Auf der anderen Seite der durch einen Gazevorhang etwas auf Distanz gebrachten Spielfläche, in deren Mitte der große Gerling-Schreibtisch als einziges Requisit wartet, wurde eine zweite Continuo-Gruppe postiert. So entwickelt sich bei guter Aktustik ein Raumklang für die rings herum sitzenden rund 600 Zuschauer. Sie werden Zeuge von hochrangigen Sängerleistungen. Von denen sei namentlich die von Rominda Boscolo erwähnt, die die Partie der gedemütigten und hilflos intriganten, dann grandios in die Verbannung Abschied nehmenden Kaiserin Ottavia bestreitet.

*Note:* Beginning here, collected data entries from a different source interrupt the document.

(* Let $n\ge 2$ and $y=(y_1,\dots,y_{n-1},q)\in\mathbb C^n$. The following are equivalent (in each condition, ''for all $j$'' means for all $j=1,\dots,[n/2]$): (1) $y\in\widetilde{\mathbb G}_n$; (2) $\binom{n}{j}-y_jz-y_{n-j}w+\binom{n}{j}qzw\neq 0$ for all $z,w\in\overline{\mathbb D}$ and all $j$; (3) for all $j$: $\|\Phi_j(\cdot,y)\|_{H^\infty}<1$, and if $y_jy_{n-j}=\binom{n}{j}^2q$ then in addition $|y_{n-j}|<\binom{n}{j}$; (3') for all $j$: $\|\Phi_{n-j}(\cdot,y)\|_{H^\infty}<1$, and if $y_jy_{n-j}=\binom{n}{j}^2q$ then in addition $|y_j|<\binom{n}{j}$; (4) for all $j$: $\binom{n}{j}|y_j-\bar y_{n-j}q|+|y_jy_{n-j}-\binom{n}{j}^2q|<\binom{n}{j}^2-|y_{n-j}|^2$; (4') for all $j$: $\binom{n}{j}|y_{n-j}-\bar y_{j}q|+|y_jy_{n-j}-\binom{n}{j}^2q|<\binom{n}{j}^2-|y_{j}|^2$; (5) for all $j$: $|y_j|^2-|y_{n-j}|^2+\binom{n}{j}^2|q|^2+2\binom{n}{j}|y_{n-j}-\bar y_jq|<\binom{n}{j}^2$ and $|y_{n-j}|<\binom{n}{j}$; (5') for all $j$: $|y_{n-j}|^2-|y_{j}|^2+\binom{n}{j}^2|q|^2+2\binom{n}{j}|y_{j}-\bar y_{n-j}q|<\binom{n}{j}^2$ and $|y_{j}|<\binom{n}{j}$; (6) $|q|<1$ and $|y_j|^2+|y_{n-j}|^2-\binom{n}{j}^2|q|^2+2|y_jy_{n-j}-\binom{n}{j}^2q|<\binom{n}{j}^2$ for all $j$; (7) $|y_{n-j}-\bar y_jq|+|y_j-\bar y_{n-j}q|<\binom{n}{j}(1-|q|^2)$ for all $j$; (8) there exist $2\times 2$ complex matrices $B_1,\dots,B_{[n/2]}$ with $\|B_j\|<1$, $y_j=\binom{n}{j}[B_j]_{11}$, $y_{n-j}=\binom{n}{j}[B_j]_{22}$ for all $j$, and $\det B_1=\dots=\det B_{[n/2]}=q$; (9) the same as (8) with the $B_j$ additionally symmetric matrices.
   Context: $\mathbb D$ is the open unit disc, $[x]$ the integer part, $\|\cdot\|$ the operator norm. $\widetilde{\mathbb G}_n=\{(y_1,\dots,y_{n-1},q)\in\mathbb C^n: q\in\mathbb D,\ y_j=\beta_j+\bar\beta_{n-j}q$ for some $\beta_j\in\mathbb C$ with $|\beta_j|+|\beta_{n-j}|<\binom{n}{j}$, $j=1,\dots,n-1\}$. For $z\in\mathbb C$, $y=(y_1,\dots,y_{n-1},q)\in\mathbb C^n$ and $j\in\{1,\dots,n-1\}$, define $\Phi_j(z,y)=\dfrac{\binom{n}{j}qz-y_j}{y_{n-j}z-\binom{n}{j}}$ if $y_{n-j}z\ne\binom{n}{j}$ and $y_jy_{n-j}\neq\binom{n}{j}^2q$, and $\Phi_j(z,y)=y_j/\binom{n}{j}$ if $y_jy_{n-j}=\binom{n}{j}^2q$. Set $\|\Phi_j(\cdot,y)\|_{H^\infty}=\sup_{z\in\mathbb D}|\Phi_j(z,y)|$, understood as $+\infty$ if $\Phi_j(\cdot,y)$ is undefined somewhere on $\mathbb D$ or unbounded there. *)

From HB Require Import structures.
From mathcomp Require Import all_boot all_order all_algebra.
From mathcomp Require Import complex.
From mathcomp Require Import boolp classical_sets reals constructive_ereal ereal.
Set Implicit Arguments. Unset Strict Implicit. Unset Printing Implicit Defensive.
Import Order.TTheory GRing.Theory Num.Theory.
Local Open Scope ring_scope.
Local Open Scope classical_set_scope.

Section Defs.
Variable R : realType.
Local Notation C := R[i].

Definition cmod (z : C) : R := ComplexField.Normc.normc z.

Definition cconj (z : C) : C := conjc z.

Definition cbin (n j : nat) : C := ('C(n, j))%:R.

Definition rbin (n j : nat) : R := ('C(n, j))%:R.

(** The domain tilde G_n. A point y = (y_1,...,y_(n-1), q) of C^n is
    encoded by a sequence y : nat -> C (only y 1, ..., y (n-1) are relevant)
    and the last coordinate q : C. *)
Definition tildeG (n : nat) (y : nat -> C) (q : C) : Prop :=
  cmod q < 1 /\
  exists beta : nat -> C, forall j : nat, (1 <= j <= n.-1)%N ->
    y j = beta j + cconj (beta (n - j)%N) * q /\
    cmod (beta j) + cmod (beta (n - j)%N) < ('C(n, j))%:R.

Definition Phi (n j : nat) (y : nat -> C) (q : C) (z : C) : option C :=
  if y j * y (n - j)%N == cbin n j ^+ 2 * q then Some (y j / cbin n j)
  else if y (n - j)%N * z != cbin n j
       then Some ((cbin n j * q * z - y j) / (y (n - j)%N * z - cbin n j))
       else None.

Definition PhiHinf (n j : nat) (y : nat -> C) (q : C) : \bar R :=
  if `[< exists2 z : C, cmod z < 1 & Phi n j y q z = None >] then +oo%E
  else ereal_sup [set (cmod (odflt 0 (Phi n j y q z)))%:E | z in [set z : C | cmod z < 1]].
(* Continuity of D: near A by the tube lemma, where weight < 1/4 because D
   is locally the identity, and elsewhere as a composite. *)
Lemma D_cont : continuous (fun p : X * I => D p.1 p.2).
Proof.
case=> x t.
have [Ax|nA] := pselect (A x).
  have Vx : V x by rewrite /= Ax ltr01.
  have lx : 0 < level x by rewrite level_A.
  move=> N; rewrite /= /D retr_path_A // => nN.
  have tube := tube_lemma retr_path x x (fun s => retr_path_A x s Ax)
    (fun s => retr_path_cont x s Vx lx) N nN.
  have near_x : nbhs (x, t) [set p : X * I | forall s, N (retr_path p.1 s)].
    exact: continuous_fst (x, t) _ tube.
  by apply: (filterS (F := nbhs (x, t))) near_x => -[y s] /=; apply.
have [small|big] := ltP (weight x) (1 / 4).
  apply: (continuous_at_near_eq fst); last exact: continuous_fst.
  have near_x : nbhs (x, t) [set p : X * I | weight p.1 < 1 / 4].
    exact: continuous_fst (x, t) _ (weight_cont x _ (lt_nbhsl small)).
  apply: (filterS (F := nbhs (x, t))) near_x => -[y s] /= lt.
  by rewrite /D retr_path0 // speed_small // ltW.
have [Vx lx _] : [/\ V x, 0 < level x & fv x < 1 / 2].
  by apply: weight_pos; apply: lt_le_trans big; rewrite divr_gt0.
apply: (continuous_comp (f := fun p : X * I => (p.1, speed p.1 p.2))
  (g := fun p : X * I => retr_path p.1 p.2)); last exact: retr_path_cont.
by apply: continuous_pair_at; [exact: continuous_fst | exact: speed_cont].
Qed.

Lemma halo_NDR : fibrewise_NDR pX A phi D.
Proof.
split; split.
- exact: phi_cont.
- exact: phi_ge0.
- exact: phi_A.
- exact: D_cont.
- by move=> x t; exact: retr_path_fib.
- by move=> x t t0; rewrite /D retr_path0 // speed0.
- by move=> a t Aa; rewrite /D retr_path_A.
- exact: D_inA.
Qed.

End ndr_from_halo.

Lemma LEC_retract_NDR {R : realType} {B X : topologicalType} {pX : X -> B}
    {f : X -> set_type (@unit_interval R)} :
  continuous pX -> fibrewise_LEC R pX -> continuous f ->
  fibrewise_retract pX [set x | set_val (f x) = 0] [set x | set_val (f x) < 1] ->
  exists (phi : X -> R) (D : X -> set_type (@unit_interval R) -> X),
    fibrewise_NDR pX [set x | set_val (f x) = 0] phi D.
Proof.
move=> cpX hLEC cf [_ [r [cr rF rA]]].
have [lam [tau [clam ctau lam_diag lam_fib [lam0 lam_Delta tau_Delta]]]] :=
  diagonal_halo pX cpX hLEC.
do 2 eexists.
exact: (halo_NDR pX f cf r cr rF rA lam tau clam ctau lam_diag lam_fib lam0
  lam_Delta tau_Delta).
Qed.

Theorem proposition4p6 (R : realType) (B X : topologicalType) (pX : X -> B)
  (cpX : continuous pX) (hLEC : fibrewise_LEC R pX)
  (f : X -> set_type (@unit_interval R)) (cf : continuous f)
  (hret : fibrewise_retract pX [set x | set_val (f x) = 0]
                               [set x | set_val (f x) < 1]) :
  closed_fibrewise_cofibred_pair R pX [set x | set_val (f x) = 0].
Proof.
have [phi [D ndr]] := LEC_retract_NDR cpX hLEC cf hret.
exact: fibrewise_NDR_cofibred_pair (closedA _ cf) ndr.
Qed.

Auch Wolf Matthias Friedrich als kaiserlicher Erzieher und stoischer Philosoph Seneca sowie Claudia Rohrbach als aufopferungsvolle Geliebte des Gegenspielers Ottone. In erster Linie freilich Sandrine Piau und Franco Fagioli, das "hohe Paar": Sie zeichnet sich, auch stimmlich, durch kühles Kalkül aus und darstellerisch als glatte Schlange; er, der argentinische Counter, durch elegante Falschheit der Stimme, leicht hysterische Tücke. Die beiden, das ist das Musik gewordene Ich-Prinzip:
Weitgehend zurückgenommen und auf die genaueste Führung der Sängerdarsteller in dieser Intrige um Bettplätze im Zentrum der Macht beschränkt. Keine Deftigkeiten, keine Grausamkeiten – gezeigt wird einfach eine Party bei einem in der Gegenwart angekommenen absoluten Herrscher. Von denen springen auf dem Erdboden unterhalb der Götterebene noch genügend herum. Die Sache spricht und singt für sich.